Un soir, il me retrouve essuyant mon vomi par terre car je n’ai pas pu atteindre les toilettes à temps après avoir bu la moitié d’une bouteille de porto. Il découvre tous les soirs au toucher mes pansements qui couvrent les traces de mes coupures que je me fais quotidiennement dès qu’il sort, peut-être est-ce parce que je ne supporte pas l’abandon, parce que c’est dès qu’il sort que je m'auto détruit, dès qu’il a le dos tourné.

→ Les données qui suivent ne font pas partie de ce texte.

Hypothesis R_sym : forall x y, R x y -> R y x.

Lemma ForallOrdPairs_perm l l' :
  Permutation l l' -> ForallOrdPairs R l -> ForallOrdPairs R l'.
Proof.
elim=> [//|x l1 l2 p12 IH|x y l0|l1 l2 l3 _ IH12 _ IH23];
  rewrite ?ForallOrdPairs_consE.
- move=> [hx h]; split; last exact: IH.
  by move=> y /(Permutation_in _ (Permutation_sym p12)); apply: hx.
- move=> [hy [hx h]]; split; [|split] => //.
  + by move=> z [<-|hz]; [apply: R_sym; apply: hy; left|apply: hx].
  + by move=> z hz; apply: hy; right.
- by move=> /IH12 /IH23.
Qed.

Lemma ForallOrdPairs_nthP (x0 : T) l :
  ForallOrdPairs R l <-> forall i j, (i < size l)%N -> (j < size l)%N -> i <> j ->
    R (nth x0 l i) (nth x0 l j).
Proof.
split.
- elim: l => [|x l IH] //= /ForallOrdPairs_consE [hx hl] [|i] [|j] //= hi hj hij.
  + exact/hx/nth_In_seq.
  + exact/R_sym/hx/nth_In_seq.
  + by apply: IH => // e; apply: hij; rewrite e.
- elim: l => [|x l IH] h; first by constructor.
  apply/ForallOrdPairs_consE; split.
  + by move=> y /(In_nth_seq x0) [j hj <-]; apply: (h 0%N j.+1).
  + by apply: IH => i j hi hj hij; apply: (h i.+1 j.+1) => // -[].
Qed.

End OrderedPairs.

Section IdealArithmetic.
Variable D : idomainType.
Local Notation K := {fraction D}.
Local Notation emb := (@FracField.tofrac D).
Local Notation kset := (kset D).
Local Notation DD := (@Dset D).
Implicit Types (I J L X : kset) (x y z : K) (s t : seq K).

Lemma kset_ext I J : (forall x, I x <-> J x) -> I = J.
Proof.
move=> IJ; apply: functional_extensionality => x.
exact: propositional_extensionality.
Qed.

Lemma ksubset_antisym I J : ksubset I J -> ksubset J I -> I = J.
Proof. by move=> IJ JI; apply: kset_ext => x; split; [apply: IJ|apply: JI]. Qed.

Il se sent impuissant face à ma douleur. Il me prend dans ses bras, me promet de ne jamais m’abandonner, de me protéger, de m’aider et de me trouver un psychiatre avec l’aide de sa mère. Je recommence à suivre un psychiatre conseillé par ma belle-mère, mais le courant ne passe pas. Peut-être parce que c’est un homme. Il a l’air âgé, usé par son travail, et ne semble pas s’intéresser à ce que je dis, et il a le nez dans ses papiers et ne me regarde même pas attendant que je dise des choses mais je ne sais pas quoi dire.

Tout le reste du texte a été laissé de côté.